L'outil dit laquelle de ces limites concerne votre fichier dès que vous le déposez, avant que vous ayez fait quoi que ce soit. Le tableau complet est sur la page d'accueil, et il est rendu depuis le code que le moteur lit lui-même : il ne peut pas annoncer une capacité qui n'existe pas.
Modifier plusieurs photos d'un coup
Déposez tout le lot. Chaque fichier est lu, le lieu que vous indiquez est écrit dans tous ceux qui l'acceptent, et le résultat revient dans une seule archive ZIP. Les fichiers qui ne peuvent pas recevoir la modification sont nommés et rendus intacts, jamais écartés en silence : un lot qui annonce quarante réussites en ayant abandonné trois photos est le pire résultat possible pour ce genre d'outil.
Vérifier que la modification a bien eu lieu
Chaque fichier produit ici est relu avant de vous parvenir, par notre lecteur et par un second écrit par d'autres. Si le lieu relu ne correspond pas à celui demandé, ou si les deux lecteurs ne disent pas la même chose, l'opération est déclarée en échec et votre original vous est rendu intact. C'est la vérification que nous pouvons faire ; la vôtre vaut mieux, parce qu'elle ne dépend pas de nous :
exiftool -gps:all -n photo-geotager.jpg
ExifTool est la référence du domaine, gratuit et hors ligne.

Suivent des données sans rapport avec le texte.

Lemma setfun_deg_leB k h1 h2 : setfun_deg_le k h1 -> setfun_deg_le k h2 ->
  setfun_deg_le k (fun S => h1 S - h2 S).
Proof. by move=> d1 /setfun_deg_leN; apply: setfun_deg_leD. Qed.

Lemma setfun_deg_leMn k h n :
  setfun_deg_le k h -> setfun_deg_le k (fun S => h S *+ n).
Proof.
move=> [c [c0 hc]]; exists (fun T => c T *+ n); split.
  by move=> T lt_kT; rewrite c0 ?mul0rn.
by move=> S; rewrite hc sumrMnl.
Qed.

(* The Mobius transform of a product is the union-convolution of the transforms. *)
Lemma setfun_deg_leM k1 k2 h1 h2 : setfun_deg_le k1 h1 -> setfun_deg_le k2 h2 ->
  setfun_deg_le (k1 + k2) (fun S => h1 S * h2 S).
Proof.
move=> [c1 [c10 h1c]] [c2 [c20 h2c]].
exists (fun U => \sum_(T1 : {set I}) \sum_(T2 : {set I})
  (if U == T1 :|: T2 then c1 T1 * c2 T2 else 0)).
split=> [U lt_kU | S].
  apply: big1 => T1 _; apply: big1 => T2 _; case: eqP => // defU.
  have : (k1 + k2 < #|T1| + #|T2|)%N.
    by apply: (leq_trans lt_kU); rewrite defU cardsU leq_subr.
  have [/c10 -> | le_T1k1 lt_k] := ltnP k1 #|T1|; first by rewrite mul0r.
  by rewrite c20 ?mulr0 //; lia.
rewrite h1c h2c big_distrlr /=; symmetry; rewrite exchange_big /=.
under eq_bigr => T1 _ do rewrite exchange_big /=.
rewrite [RHS]big_mkcond; apply: eq_bigr => T1 _ /=.
have [sT1S | nsT1S] := boolP (T1 \subset S); last first.
  rewrite big1 // => T2 _; rewrite big1 // => U sUS; case: eqP => // defU.
  by move: sUS nsT1S; rewrite defU subUset => /andP[->].
rewrite [RHS]big_mkcond; apply: eq_bigr => T2 _ /=.
have [sT2S | nsT2S] := boolP (T2 \subset S).
  rewrite (bigD1 (T1 :|: T2)) /= ?eqxx ?subUset ?sT1S ?sT2S // big1 ?addr0 //.
  by move=> U /andP[_ /negbTE ->].
rewrite big1 // => U sUS; case: eqP => // defU.
by move: sUS nsT2S; rewrite defU subUset => /andP[_ ->].
Qed.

Le -n demande des degrés décimaux plutôt que des degrés et des minutes, ce qui les
rend directement collables dans une carte.
Les questions qui reviennent
Est-ce que modifier le lieu change aussi la date ?

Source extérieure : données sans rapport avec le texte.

(* Let $(\mathcal H,\mathfrak A_0)$ be a Hilbert quasi *-algebra with unit $e$. Then the set $\mathcal H_b$ of bounded elements coincides with the set of universal multipliers of $\mathcal H$, i.e. $\mathcal H_b=\{\xi\in\mathcal H:\ \eta\square\xi \text{ is defined for every }\eta\in\mathcal H\}=\{\xi\in\mathcal H:\ \xi\square\eta\text{ is defined for every }\eta\in\mathcal H\}$.
   Context: A Hilbert algebra is a *-algebra $\mathfrak A_0$ with an inner product $\langle\cdot,\cdot\rangle$ such that (i) for each $x$, $y\mapsto xy$ is continuous for the inner product norm; (ii) $\langle xy,z\rangle=\langle y,x^*z\rangle$ for all $x,y,z$; (iii) $\langle x,y\rangle=\langle y^*,x^*\rangle$ for all $x,y$; (iv) the linear span of $\{xy:x,y\in\mathfrak A_0\}$ is dense in $\mathfrak A_0$. Let $\mathcal H$ be the Hilbert space completion of $\mathfrak A_0$; the involution extends isometrically to $\mathcal H$, and the products $\xi x$, $x\xi$ for $\xi\in\mathcal H$, $x\in\mathfrak A_0$ are defined by continuity. It is assumed that (A): if $\xi\in\mathcal H$ and $\xi x=0$ for all $x\in\mathfrak A_0$ then $\xi=0$. With these operations $(\mathcal H,\mathfrak A_0)$ is a Banach quasi *-algebra, called a Hilbert quasi *-algebra. A unit is $e\in\mathfrak A_0$ with $\xi e=e\xi=\xi$ for all $\xi\in\mathcal H$. For $\xi\in\mathcal H$, $L_\xi$, $R_\xi$ are the operators with domain $\mathfrak A_0$ given by $L_\xi x=\xi x$, $R_\xi x=x\xi$. $\xi$ is a bounded element if $L_\xi$ is bounded on $\mathfrak A_0$ (equivalently, $R_\xi$ is bounded). $\mathcal H_b$ is the set of bounded elements. Weak multiplication: $\xi$ is a left multiplier of $\eta$ if there is $\zeta\in\mathcal H$ with $\langle\eta x,\xi^*y\rangle=\langle\zeta x,y\rangle$ for all $x,y\in\mathfrak A_0$; then $\xi\square\eta:=\zeta$. *)

From Stdlib Require Import Reals List.
Open Scope R_scope.

Record C := mkC { Cre : R ; Cim : R }.
Definition C0 : C := mkC 0 0.
Definition C1 : C := mkC 1 0.
Definition Cadd (a b : C) : C := mkC (Cre a + Cre b) (Cim a + Cim b).
Definition Cmul (a b : C) : C :=
  mkC (Cre a * Cre b - Cim a * Cim b) (Cre a * Cim b + Cim a * Cre b).
Definition Cconj (a : C) : C := mkC (Cre a) (- Cim a).

Definition ipnorm {H : Type} (inner : H -> H -> C) (x : H) : R :=
  sqrt (Cre (inner x x)).

(** * Hilbert quasi *-algebras (H, A0)
   H is a complex Hilbert space (inner product linear in the first variable,
   conjugate-linear in the second), A0 (a predicate on H) is a dense subspace
   which is a Hilbert algebra.  [mul] is the multiplication: on A0 x A0 it is the
   product of A0; for xi in H and x in A0, [mul xi x] and [mul x xi] are the
   products extended by continuity (values of [mul] on H x H outside this range
   are irrelevant).  [star] is the involution of A0 extended isometrically to H. *)
Record HQA := {
  H :> Type;
  hadd : H -> H -> H;
  hopp : H -> H;
  hzero : H;
  hscal : C -> H -> H;
  inner : H -> H -> C;
  star : H -> H;
  mul : H -> H -> H;
  A0 : H -> Prop;

  haddA : forall x y z, hadd x (hadd y z) = hadd (hadd x y) z;
  haddC : forall x y, hadd x y = hadd y x;
  hadd0 : forall x, hadd x hzero = x;
  haddN : forall x, hadd x (hopp x) = hzero;
  hscal1 : forall x, hscal C1 x = x;
  hscalA : forall a b x, hscal a (hscal b x) = hscal (Cmul a b) x;
  hscalDl : forall a b x, hscal (Cadd a b) x = hadd (hscal a x) (hscal b x);
  hscalDr : forall a x y, hscal a (hadd x y) = hadd (hscal a x) (hscal a y);

  inner_addl : forall x y z, inner (hadd x y) z = Cadd (inner x z) (inner y z);
  inner_scall : forall a x y, inner (hscal a x) y = Cmul a (inner x y);
  inner_conj : forall x y, inner y x = Cconj (inner x y);
  inner_pos : forall x, 0 <= Cre (inner x x);
  inner_def : forall x, inner x x = C0 -> x = hzero;

  complete : forall u : nat -> H,
    (forall eps, 0 < eps -> exists N, forall m n, (N <= m)%nat -> (N <= n)%nat ->
        ipnorm inner (hadd (u m) (hopp (u n))) < eps) ->
    exists l, forall eps, 0 < eps -> exists N, forall n, (N <= n)%nat ->
        ipnorm inner (hadd (u n) (hopp l)) < eps;

  A0_zero : A0 hzero;
  A0_add : forall x y, A0 x -> A0 y -> A0 (hadd x y);
  A0_scal : forall a x, A0 x -> A0 (hscal a x);
  A0_dense : forall xi eps, 0 < eps ->
    exists x, A0 x /\ ipnorm inner (hadd xi (hopp x)) < eps;

  A0_mul : forall x y, A0 x -> A0 y -> A0 (mul x y);
  A0_star : forall x, A0 x -> A0 (star x);
  mulA : forall x y z, A0 x -> A0 y -> A0 z -> mul x (mul y z) = mul (mul x y) z;
  mul_addl_A0 : forall x y z, A0 x -> A0 y -> A0 z ->
    mul (hadd x y) z = hadd (mul x z) (mul y z);
  mul_addr_A0 : forall x y z, A0 x -> A0 y -> A0 z ->
    mul x (hadd y z) = hadd (mul x y) (mul x z);
  mul_scall_A0 : forall a x y, A0 x -> A0 y -> mul (hscal a x) y = hscal a (mul x y);
  mul_scalr_A0 : forall a x y, A0 x -> A0 y -> mul x (hscal a y) = hscal a (mul x y);
  star_mul_A0 : forall x y, A0 x -> A0 y -> star (mul x y) = mul (star y) (star x);

  star_add : forall x y, star (hadd x y) = hadd (star x) (star y);
  star_scal : forall a x, star (hscal a x) = hscal (Cconj a) (star x);
  star_star : forall x, star (star x) = x;
  star_iso : forall x, ipnorm inner (star x) = ipnorm inner x;

  ha_cont : forall x, A0 x -> exists K, forall y, A0 y ->
    ipnorm inner (mul x y) <= K * ipnorm inner y;
  ha_adj : forall x y z, A0 x -> A0 y -> A0 z ->
    inner (mul x y) z = inner y (mul (star x) z);
  ha_star : forall x y, A0 x -> A0 y -> inner x y = inner (star y) (star x);
  ha_span : forall x eps, A0 x -> 0 < eps ->
    exists l : list (H * H),
      (forall p, In p l -> A0 (fst p) /\ A0 (snd p)) /\
      ipnorm inner (hadd x (hopp (fold_right (fun p s => hadd (mul (fst p) (snd p)) s)
                                                hzero l))) < eps;

  mul_ext_bound : forall x, A0 x -> exists K, forall xi,
    ipnorm inner (mul xi x) <= K * ipnorm inner xi /\
    ipnorm inner (mul x xi) <= K * ipnorm inner xi;
  mul_ext_addl : forall x xi eta, A0 x -> mul (hadd xi eta) x = hadd (mul xi x) (mul eta x);
  mul_ext_addr : forall x xi eta, A0 x -> mul x (hadd xi eta) = hadd (mul x xi) (mul x eta);
  mul_ext_scall : forall a x xi, A0 x -> mul (hscal a xi) x = hscal a (mul xi x);
  mul_ext_scalr : forall a x xi, A0 x -> mul x (hscal a xi) = hscal a (mul x xi);

  cond_A : forall xi, (forall x, A0 x -> mul xi x = hzero) -> xi = hzero
}.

Non. Seuls les octets de la position sont écrits. La date, l'appareil, les réglages de prise de vue et l'objectif restent exactement ce qu'ils étaient — et l'outil le prouve, en comparant tous les autres octets du fichier à l'original.

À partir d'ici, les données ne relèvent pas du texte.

Theorem mainTheorem9 (R : realType) (n : nat) (T : {poly R[i]} -> {poly R[i]})
  (Cst : R) :
  (1 <= n)%N ->
  (forall p, inPn n p -> inPn n (T p)) ->
  (forall (a : R[i]) p q, inPn n p -> inPn n q -> T (a *: p + q) = a *: T p + T q) ->
  (exists p, inPn n p /\ T p != 0) ->
  0 < Cst ->
  (forall f, inPn n f -> (1 < size f)%N ->
     exists u v, root f u /\ root (T f) v /\ `|u - v| <= (Cst%:C)%C) ->
  exists c : R[i], c != 0 /\ T (phi _ 0) = c%:P /\
    forall m : nat, (m <= n)%N ->
      exists a : nat -> R[i],
        T (phi _ m) = \sum_(k < m.+1) a k *: phi _ k /\ a m = c.
Proof.
move=> _ T_Pn T_linear T_neq0 Cst_gt0 T_roots_near.
have C_ge0 : 0 <= (Cst%:C)%C :> R[i] by rewrite lecR ltW.
have coef_T := coef_T_phi T_Pn T_linear T_neq0 C_ge0 T_roots_near.
have size_T := size_T_phi T_Pn T_linear T_neq0 C_ge0 T_roots_near.
have top_neq0 := top_coef_neq0 T_Pn T_linear T_neq0 C_ge0 T_roots_near.
exists (top_coef T_Pn 0); split; first exact: top_neq0 (leq0n n).
split=> [|m mn].
  by rewrite (size1_polyC (size_T 0%N (leq0n n))) -(coef_T 0%N) // mulr1.
exists (fun k => (T (phi _ m))`_k * k`!%:R); split; last exact: coef_T.
exact: phi_expansion (size_T m mn).
Qed.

Le nouveau lieu survivra-t-il à une mise en ligne ?
Souvent non. La plupart des réseaux sociaux recompressent la photo à l'envoi et perdent tout le bloc d'informations au passage, le lieu avec. C'est un effet de bord de leur chaîne de traitement, pas une promesse, et ce n'est pas uniforme : quelles applications retirent le lieu d'une photo détaille ce qui se passe réellement.
Peut-on modifier le lieu d'une capture d'écran ou d'un scan ?
Ces fichiers n'ont généralement aucun lieu, donc rien à modifier. Leur en donner un est une autre opération, avec d'autres limites : ajouter un lieu à une photo qui n'en a pas.
Et si je veux le faire disparaître plutôt que le déplacer ?
Alors n'inscrivez pas de coordonnées leurres — retirez-le. Supprimer la géolocalisation la retire des deux endroits où elle peut se cacher, et vérifie ensuite qu'aucune trace n'a survécu.